• [WHAT THE TASK ASKS]
Copy out each line from the material where the word "vector" is found.

• [DATA FOR THIS TASK]
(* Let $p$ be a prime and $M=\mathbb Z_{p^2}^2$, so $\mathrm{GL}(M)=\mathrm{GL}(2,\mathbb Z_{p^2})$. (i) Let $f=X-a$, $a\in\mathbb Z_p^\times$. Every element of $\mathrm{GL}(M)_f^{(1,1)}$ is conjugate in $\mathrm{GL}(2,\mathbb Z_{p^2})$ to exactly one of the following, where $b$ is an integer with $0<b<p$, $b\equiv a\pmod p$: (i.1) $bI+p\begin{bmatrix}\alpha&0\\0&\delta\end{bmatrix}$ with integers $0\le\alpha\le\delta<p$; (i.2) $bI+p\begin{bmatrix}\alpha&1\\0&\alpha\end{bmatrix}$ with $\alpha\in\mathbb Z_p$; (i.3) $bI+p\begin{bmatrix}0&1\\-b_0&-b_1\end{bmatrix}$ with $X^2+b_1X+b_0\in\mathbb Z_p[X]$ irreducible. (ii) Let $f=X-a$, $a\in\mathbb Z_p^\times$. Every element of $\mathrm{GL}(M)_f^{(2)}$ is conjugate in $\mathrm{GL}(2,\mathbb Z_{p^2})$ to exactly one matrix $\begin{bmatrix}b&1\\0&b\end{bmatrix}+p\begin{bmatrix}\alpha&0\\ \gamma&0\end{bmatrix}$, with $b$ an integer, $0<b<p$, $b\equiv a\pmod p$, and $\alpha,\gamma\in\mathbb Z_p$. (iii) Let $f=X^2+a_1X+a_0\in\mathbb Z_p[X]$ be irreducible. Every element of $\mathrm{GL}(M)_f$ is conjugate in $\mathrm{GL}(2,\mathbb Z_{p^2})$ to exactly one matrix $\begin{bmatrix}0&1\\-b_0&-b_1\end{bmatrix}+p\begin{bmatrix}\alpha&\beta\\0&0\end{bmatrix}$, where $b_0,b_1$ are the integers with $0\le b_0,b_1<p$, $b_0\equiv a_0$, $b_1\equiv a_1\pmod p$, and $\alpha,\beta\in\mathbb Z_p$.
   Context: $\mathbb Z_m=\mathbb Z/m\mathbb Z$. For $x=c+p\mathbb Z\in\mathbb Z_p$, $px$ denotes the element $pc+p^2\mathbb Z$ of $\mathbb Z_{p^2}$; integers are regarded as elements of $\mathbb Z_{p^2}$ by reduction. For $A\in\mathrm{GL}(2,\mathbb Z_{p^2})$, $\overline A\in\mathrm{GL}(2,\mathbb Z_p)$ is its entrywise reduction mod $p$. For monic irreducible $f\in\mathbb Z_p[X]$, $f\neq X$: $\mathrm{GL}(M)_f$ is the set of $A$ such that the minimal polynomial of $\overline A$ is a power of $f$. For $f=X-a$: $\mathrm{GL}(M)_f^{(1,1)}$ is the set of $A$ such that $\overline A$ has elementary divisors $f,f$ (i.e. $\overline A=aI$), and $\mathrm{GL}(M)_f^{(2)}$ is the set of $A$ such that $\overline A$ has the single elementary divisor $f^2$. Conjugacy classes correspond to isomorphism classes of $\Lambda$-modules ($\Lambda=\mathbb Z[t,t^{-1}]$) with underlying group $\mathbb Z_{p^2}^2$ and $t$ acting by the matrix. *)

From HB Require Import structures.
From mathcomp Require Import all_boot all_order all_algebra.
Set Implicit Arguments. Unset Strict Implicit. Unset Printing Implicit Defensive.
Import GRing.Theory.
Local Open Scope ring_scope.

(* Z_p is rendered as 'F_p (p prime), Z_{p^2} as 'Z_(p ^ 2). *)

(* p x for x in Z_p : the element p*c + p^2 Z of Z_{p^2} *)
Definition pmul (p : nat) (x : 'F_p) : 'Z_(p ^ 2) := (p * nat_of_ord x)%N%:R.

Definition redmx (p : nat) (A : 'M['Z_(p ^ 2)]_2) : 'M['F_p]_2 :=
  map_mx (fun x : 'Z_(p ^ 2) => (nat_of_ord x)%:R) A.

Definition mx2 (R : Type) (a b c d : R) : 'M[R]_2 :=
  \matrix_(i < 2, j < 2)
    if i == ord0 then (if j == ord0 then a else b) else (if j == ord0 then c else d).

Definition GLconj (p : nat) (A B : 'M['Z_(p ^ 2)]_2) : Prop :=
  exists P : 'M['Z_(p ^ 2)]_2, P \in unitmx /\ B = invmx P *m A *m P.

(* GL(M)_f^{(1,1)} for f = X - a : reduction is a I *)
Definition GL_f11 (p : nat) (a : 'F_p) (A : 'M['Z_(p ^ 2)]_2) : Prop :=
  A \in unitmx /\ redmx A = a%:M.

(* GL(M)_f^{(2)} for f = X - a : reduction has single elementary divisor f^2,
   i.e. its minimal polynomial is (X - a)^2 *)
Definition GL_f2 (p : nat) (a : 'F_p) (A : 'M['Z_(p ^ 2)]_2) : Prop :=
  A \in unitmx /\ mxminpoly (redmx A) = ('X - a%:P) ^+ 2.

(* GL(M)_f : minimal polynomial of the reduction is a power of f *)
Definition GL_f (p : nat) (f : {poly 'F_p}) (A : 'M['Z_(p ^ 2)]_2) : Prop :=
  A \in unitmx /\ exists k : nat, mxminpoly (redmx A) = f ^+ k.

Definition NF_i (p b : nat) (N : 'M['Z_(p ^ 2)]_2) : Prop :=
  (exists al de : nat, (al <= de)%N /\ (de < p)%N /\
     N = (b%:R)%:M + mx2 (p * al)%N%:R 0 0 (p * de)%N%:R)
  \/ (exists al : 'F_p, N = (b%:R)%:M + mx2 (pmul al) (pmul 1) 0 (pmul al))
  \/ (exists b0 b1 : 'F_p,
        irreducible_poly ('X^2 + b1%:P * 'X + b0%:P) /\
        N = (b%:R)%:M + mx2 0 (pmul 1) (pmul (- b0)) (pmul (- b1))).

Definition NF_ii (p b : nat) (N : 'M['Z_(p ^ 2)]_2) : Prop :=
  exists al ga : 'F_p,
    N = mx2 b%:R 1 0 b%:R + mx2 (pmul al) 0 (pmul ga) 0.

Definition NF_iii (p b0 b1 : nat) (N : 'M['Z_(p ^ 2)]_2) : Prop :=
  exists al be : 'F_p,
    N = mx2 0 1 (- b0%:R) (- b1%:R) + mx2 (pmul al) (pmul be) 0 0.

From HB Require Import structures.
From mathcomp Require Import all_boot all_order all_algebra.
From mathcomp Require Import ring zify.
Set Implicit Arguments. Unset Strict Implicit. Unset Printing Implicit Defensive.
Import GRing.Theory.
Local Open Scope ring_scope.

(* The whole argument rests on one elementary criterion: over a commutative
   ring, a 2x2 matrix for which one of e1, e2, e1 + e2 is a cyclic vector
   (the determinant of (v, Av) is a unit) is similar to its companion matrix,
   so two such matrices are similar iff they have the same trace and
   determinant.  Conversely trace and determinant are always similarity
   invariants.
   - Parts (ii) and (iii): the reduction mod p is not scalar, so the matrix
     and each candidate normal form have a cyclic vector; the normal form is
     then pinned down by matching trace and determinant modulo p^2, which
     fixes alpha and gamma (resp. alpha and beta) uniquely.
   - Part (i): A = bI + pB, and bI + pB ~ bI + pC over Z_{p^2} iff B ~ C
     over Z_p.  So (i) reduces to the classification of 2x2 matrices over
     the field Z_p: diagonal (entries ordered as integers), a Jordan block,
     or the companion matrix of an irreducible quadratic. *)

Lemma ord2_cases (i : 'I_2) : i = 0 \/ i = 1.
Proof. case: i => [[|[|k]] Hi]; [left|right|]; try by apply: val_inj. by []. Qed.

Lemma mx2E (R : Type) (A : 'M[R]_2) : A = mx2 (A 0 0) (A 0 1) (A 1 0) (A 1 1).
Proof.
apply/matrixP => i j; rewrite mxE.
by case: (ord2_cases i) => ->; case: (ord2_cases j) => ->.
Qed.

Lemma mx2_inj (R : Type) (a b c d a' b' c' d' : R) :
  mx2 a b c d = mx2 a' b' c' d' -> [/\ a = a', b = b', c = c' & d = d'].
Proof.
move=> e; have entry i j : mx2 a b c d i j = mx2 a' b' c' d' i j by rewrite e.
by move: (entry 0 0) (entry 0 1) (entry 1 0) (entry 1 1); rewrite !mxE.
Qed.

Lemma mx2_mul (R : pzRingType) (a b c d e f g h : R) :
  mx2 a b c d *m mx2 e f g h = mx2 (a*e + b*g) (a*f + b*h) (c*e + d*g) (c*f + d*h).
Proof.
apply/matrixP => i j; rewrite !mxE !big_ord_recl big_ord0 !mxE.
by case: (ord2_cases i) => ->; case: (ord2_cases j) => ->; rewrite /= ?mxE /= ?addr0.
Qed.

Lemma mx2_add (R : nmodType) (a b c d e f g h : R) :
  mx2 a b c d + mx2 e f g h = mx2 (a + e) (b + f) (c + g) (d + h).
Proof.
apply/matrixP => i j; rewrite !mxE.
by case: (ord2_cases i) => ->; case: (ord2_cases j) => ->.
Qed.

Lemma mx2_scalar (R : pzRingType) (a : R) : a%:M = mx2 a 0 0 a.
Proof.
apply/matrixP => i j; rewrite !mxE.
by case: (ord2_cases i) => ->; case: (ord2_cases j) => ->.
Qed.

• [ANSWER]
   ring, a 2x2 matrix for which one of e1, e2, e1 + e2 is a cyclic vector
     and each candidate normal form have a cyclic vector; the normal form is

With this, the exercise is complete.